Il n'existe pas d'aliments exempts de substances nocives. Le professeur Rudolf Krska, directeur de l'Institut de bioanalyse et d'agrométabolomique de l'Université des ressources naturelles et des sciences de la vie (BOKU) en Autriche, résume la situation ainsi : si l'on appliquait aux mycotoxines les mêmes seuils strictes que ceux imposés aux pesticides, le pain et les pâtes ne seraient pratiquement plus autorisés.

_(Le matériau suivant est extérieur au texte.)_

(* Let $H$ be a separable infinite-dimensional Hilbert space and let $\mathcal{T}\subseteq B_1$. Suppose there exist an orthonormal basis $\{e_n\}_{n\in\mathbb{N}}$ of $H$ and $K\in\mathbb{N}\cup\{0\}$ such that for every $N\in\mathbb{N}$, every $T\in\mathcal{T}$ and every $h$ in the closed linear span of $\{e_{N+K},e_{N+K+1},\dots\}$, the vector $Th$ is orthogonal to $\mathrm{span}\{e_1,\dots,e_N\}$. Then $\mathcal{T}$ is UEC on $H_1$.
   Context: $H_1$ is the closed unit ball of $H$ and $B_1$ the closed unit ball of $B(H)$. $H_1$ carries the weak uniformity, i.e. the one induced by the metric $\rho(x,y)=\sum_{i\ge1}2^{-i}|\langle x-y,h_i\rangle|$ for a dense sequence $(h_i)$ in $H_1$. A family $\mathcal{F}$ of maps $H_1\to H_1$ is uniformly equicontinuous (UEC) if for every $\epsilon>0$ there is $\delta>0$ such that $\rho(x,y)<\delta$ implies $\rho(f(x),f(y))<\epsilon$ for all $f\in\mathcal{F}$ and $x,y\in H_1$. *)

From Stdlib Require Import Reals List ClassicalEpsilon.
Open Scope R_scope.

Record C : Type := mkC { Re : R; Im : R }.
Definition C0 : C := mkC 0 0.
Definition C1 : C := mkC 1 0.
Definition Cadd (a b : C) : C := mkC (Re a + Re b) (Im a + Im b).
Definition Cmul (a b : C) : C :=
  mkC (Re a * Re b - Im a * Im b) (Re a * Im b + Im a * Re b).
Definition Cconj (a : C) : C := mkC (Re a) (- Im a).
Definition Cmod (a : C) : R := sqrt (Re a * Re a + Im a * Im a).

Record Hilbert : Type := {
  carrier :> Type;
  vadd : carrier -> carrier -> carrier;
  vzero : carrier;
  vopp : carrier -> carrier;
  vscal : C -> carrier -> carrier;
  inner : carrier -> carrier -> C;
  vadd_assoc : forall x y z, vadd x (vadd y z) = vadd (vadd x y) z;
  vadd_comm : forall x y, vadd x y = vadd y x;
  vadd_0 : forall x, vadd x vzero = x;
  vadd_opp : forall x, vadd x (vopp x) = vzero;
  vscal_1 : forall x, vscal C1 x = x;
  vscal_mul : forall a b x, vscal a (vscal b x) = vscal (Cmul a b) x;
  vscal_dist_v : forall a x y, vscal a (vadd x y) = vadd (vscal a x) (vscal a y);
  vscal_dist_s : forall a b x, vscal (Cadd a b) x = vadd (vscal a x) (vscal b x);
  inner_add_l : forall x y z, inner (vadd x y) z = Cadd (inner x z) (inner y z);
  inner_scal_l : forall a x z, inner (vscal a x) z = Cmul a (inner x z);
  inner_conj : forall x y, inner y x = Cconj (inner x y);
  inner_pos : forall x, 0 <= Re (inner x x);
  inner_def : forall x, Re (inner x x) = 0 -> x = vzero;
  complete : forall u : nat -> carrier,
    (forall eps, eps > 0 -> exists N, forall n m, (n >= N)%nat -> (m >= N)%nat ->
        sqrt (Re (inner (vadd (u n) (vopp (u m))) (vadd (u n) (vopp (u m))))) < eps) ->
    exists l, forall eps, eps > 0 -> exists N, forall n, (n >= N)%nat ->
        sqrt (Re (inner (vadd (u n) (vopp l)) (vadd (u n) (vopp l)))) < eps
}.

Notre alimentation est toujours le mélange complexe d'ingrédients bénéfiques et nocifs. Ce qui importe, ce n'est pas l'absence totale de risques, mais leur maîtrise et leur classification. Cette logique s’applique également à des habitudes quotidiennes en apparence inoffensives. Ainsi, selon l’Organisation mondiale de la santé, la consommation régulière de boissons très chaudes — à plus de 65 degrés Celsius — augmente le risque de cancer de l’œsophage. Même les tisanes ne sont pas automatiquement exemptes de danger : des alcaloïdes pyrrolizidiniques, des toxines végétales susceptibles d’endommager le foie, ont été trouvés à plusieurs reprises dans des récoltes sauvages ou des produits importés en vrac. Combinés à la cannelle de Cassia, couramment utilisée dans les pâtisseries bon marché, ces composés mettent à rude épreuve les capacités de détoxification du foie.

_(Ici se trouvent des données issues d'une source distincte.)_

Lemma real_Im_eq0 w : w \is Num.real -> complex.Im w = 0.
Proof. by case: w => p q; rewrite complex_real => /eqP. Qed.

Lemma alignedIm_eq0 a w :
  (a != 0 -> Im (a^* * w) = 0) -> (a = 0 -> Im w = 0) -> alignedIm a w = 0.
Proof.
move=> aw_real w_real; apply: real_Im_eq0; rewrite /phase.
case: eqP => [a0|/eqP a0]; first by rewrite conjC1 mul1r; apply/Creal_ImP/w_real.
rewrite rmorphM fmorphV mulrAC rpredM //; first by apply/Creal_ImP/aw_real.
by rewrite rpredV; apply/complex_realP; exists (cabs a); exact: conjc_real.
Qed.

Lemma aligned_sub a x y x' y' :
  aligned a x y - aligned a x' y' = aligned a (x - x') (y - y').
Proof. by rewrite /aligned -mulrBr; simpc. Qed.

Lemma sum_complex n (F G : 'I_n -> R) :
  \sum_(k < n) (F k +i* G k)%C = ((\sum_(k < n) F k) +i* (\sum_(k < n) G k))%C.
Proof. by elim/big_rec3: _ => [//|k u v w _ ->]; simpc. Qed.

End Phase.

Lemma exists_small_step (R : realFieldType) (q K delta : R) : q < 0 -> 0 < delta ->
  exists2 t, 0 < t < delta & q + t * K < 0.
Proof.
move=> q_lt0 delta_gt0.
have K1_gt0 : 0 < `|K| + 1 by rewrite ltr_wpDl.
set m := Num.min delta (- q / (`|K| + 1)).
have m_gt0 : 0 < m by rewrite lt_min delta_gt0 divr_gt0 // oppr_gt0.
have [m_le_delta m_le_q] : m <= delta /\ m * (`|K| + 1) <= - q.
  by rewrite -ler_pdivlMr // ge_min lexx ge_min lexx orbT.
exists (m / 2); first by apply/andP; split; lra.
have : m / 2 * K <= m / 2 * `|K| by rewrite ler_pM2l ?ler_norm // divr_gt0.
nra.
Qed.

Section RealProblem.
Variables (R : rcfType) (n : nat) (al xi : 'I_n -> R) (beta : R).
Implicit Types (x y : 'I_n -> R) (c s r : R).

Definition wsum x : R := \sum_(k < n) al k * x k.
Definition sumsq x : R := \sum_(k < n) x k ^+ 2.

Definition freal x y : R :=
  2^-1 * (wsum x ^+ 2 + wsum y ^+ 2)
  + beta / 2 * \sum_(k < n) (x k ^+ 2 + y k ^+ 2) ^+ 2.

Definition lagrange : R := 2^-1 * wsum xi ^+ 2 + beta * \sum_(k < n) xi k ^+ 4.

Definition qform y : R :=
  2^-1 * wsum y ^+ 2 + beta * \sum_(k < n) xi k ^+ 2 * y k ^+ 2
  - lagrange * sumsq y.

Lemma wsumZ c x : wsum (fun k => c * x k) = c * wsum x.
Proof. by rewrite /wsum mulr_sumr; apply: eq_bigr => k _; rewrite mulrCA. Qed.

Lemma sumsqZ c x : sumsq (fun k => c * x k) = c ^+ 2 * sumsq x.
Proof. by rewrite /sumsq mulr_sumr; apply: eq_bigr => k _; rewrite exprMn. Qed.

Lemma sumsq_ge0 x : 0 <= sumsq x.
Proof. by apply: sumr_ge0 => k _; rewrite sqr_ge0. Qed.

Lemma sumsq0 : sumsq (fun=> 0) = 0.
Proof. by rewrite /sumsq big1 // => k _; rewrite expr0n. Qed.

Lemma freal_center :
  freal xi (fun=> 0) = 2^-1 * wsum xi ^+ 2 + beta / 2 * \sum_(k < n) xi k ^+ 4.
Proof.
rewrite /freal; have -> : wsum (fun=> 0) = 0 by rewrite /wsum big1 // => k _; rewrite mulr0.
congr (_ * _ + _ * _); first by rewrite expr0n addr0.
by apply: eq_bigr => k _; rewrite expr0n addr0 -exprM.
Qed.

Lemma freal_sub_qform x y : sumsq x + sumsq y = 1 ->
  freal x y - (freal xi (fun=> 0) + qform x + qform y)
  = beta / 2 * \sum_(k < n) (x k ^+ 2 + y k ^+ 2 - xi k ^+ 2) ^+ 2.
Proof.
move=> sphere.
have -> : \sum_(k < n) (x k ^+ 2 + y k ^+ 2 - xi k ^+ 2) ^+ 2
    = \sum_(k < n) (x k ^+ 2 + y k ^+ 2) ^+ 2
      - 2 * (\sum_(k < n) xi k ^+ 2 * x k ^+ 2 + \sum_(k < n) xi k ^+ 2 * y k ^+ 2)
      + \sum_(k < n) xi k ^+ 4.
  rewrite -big_split mulr_sumr -sumrN -!big_split /=.
  by apply: eq_bigr => k _; ring.
rewrite freal_center /freal /qform /lagrange.
transitivity (beta / 2 * (\sum_(k < n) (x k ^+ 2 + y k ^+ 2) ^+ 2
    - 2 * (\sum_(k < n) xi k ^+ 2 * x k ^+ 2 + \sum_(k < n) xi k ^+ 2 * y k ^+ 2)
    + \sum_(k < n) xi k ^+ 4)
  + (2^-1 * wsum xi ^+ 2 + beta * \sum_(k < n) xi k ^+ 4) * (sumsq x + sumsq y - 1));
  last by rewrite sphere subrr mulr0 addr0.
by field.
Qed.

D'un point de vue toxicologique, l'alimentation reste toujours un risque calculé. On ne peut s'en passer, mais mieux vaut être informé. Le feu sacré ne fait certes plus de ravages aujourd'hui, même si l'ergot du seigle continue de contaminer nos céréales. L'agriculture moderne et les procédés de transformation permettent d’éviter des intoxications extrêmes comme celles observées au Moyen Âge. Pour autant, la nature n'a pas perdu de son répertoire.

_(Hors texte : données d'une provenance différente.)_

(* Let $n\ge 3$, $k\ge 1$ and $p\in\{0,1,2\}$. Then \[ \gamma_{\rm S}(C_n,C_{3k+p})\in \begin{cases} \{kn\}, & p=0,\\ \{kn,\;kn+1\}, & p=1,\\ \{kn+\lfloor n/2\rfloor,\; kn+\lfloor n/2\rfloor+1\}, & p=2. \end{cases} \] Moreover, if $n\equiv 0 \pmod 4$, then $\gamma_{\rm S}(C_n,C_{3k+1})=kn$ and $\gamma_{\rm S}(C_n,C_{3k+2})=kn+\lfloor n/2\rfloor$.
   Context: $C_m$ denotes the cycle on $m$ vertices; $\gamma$ denotes the domination number. For graphs $G,H$ and a function $f\colon V(G)\to V(H)$, the Sierpiński product $G\otimes_f H$ is the graph with vertex set $V(G)\times V(H)$ and edges of two types: (type 1) $(g,h)(g,h')$ for every $g\in V(G)$ and every edge $hh'\in E(H)$; (type 2) $(g,f(g'))(g',f(g))$ for every edge $gg'\in E(G)$. The Sierpiński domination number is $\gamma_{\rm S}(G,H)=\min_{f}\gamma(G\otimes_f H)$ over all functions $f\colon V(G)\to V(H)$. *)

From mathcomp Require Import all_boot all_order.
Set Implicit Arguments. Unset Strict Implicit. Unset Printing Implicit Defensive.

(* The cycle C_m on vertex set 'I_m (meaningful for m >= 3):
   i ~ j iff j = i+1 mod m or i = j+1 mod m. *)
Definition cycle_rel (m : nat) : rel 'I_m :=
  fun i j => (j == (i.+1 %% m) :> nat) || (i == (j.+1 %% m) :> nat).

Definition dominating (T : finType) (e : rel T) (D : {set T}) : bool :=
  [forall v : T, (v \in D) || [exists u in D, e u v]].

(* Domination number: least cardinality of a dominating set
   (the whole vertex set dominates, so #|T| is a valid start value). *)
Definition domination_number (T : finType) (e : rel T) : nat :=
  \big[minn/#|T|]_(D : {set T} | dominating e D) #|D|.

Definition sierpinski_rel (G H : finType) (eG : rel G) (eH : rel H)
    (f : G -> H) : rel (G * H) :=
  fun x y =>
    ((x.1 == y.1) && eH x.2 y.2)
    || [&& eG x.1 y.1, x.2 == f y.1 & y.2 == f x.1].

Definition sierpinski_domination (G H : finType) (eG : rel G) (eH : rel H)
    : nat :=
  \big[minn/#|{: G * H}|]_(f : {ffun G -> H})
     domination_number (sierpinski_rel eG eH f).

Definition gammaS_cycles (n m : nat) : nat :=
  sierpinski_domination (@cycle_rel n) (@cycle_rel m).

À toutes celles et tous ceux qui ont réussi à maintenir leurs nouvelles habitudes plus saines jusqu’à présent : ne relâchez pas vos efforts. Ceux qui persévèrent s’en rendent vite compte : manger sainement n'est pas seulement une question de renoncement, mais aussi de connaissances, d'attention et de plaisir conscient - que les aliments soient transformés ou non. Même si la motivation du début d'année s’est émoussée, poursuivez sur cette voie et faites de 2026 votre année santé. Et débarrassez-vous des mythes : faire le tri, c’est aussi s’offrir une meilleure qualité de vie.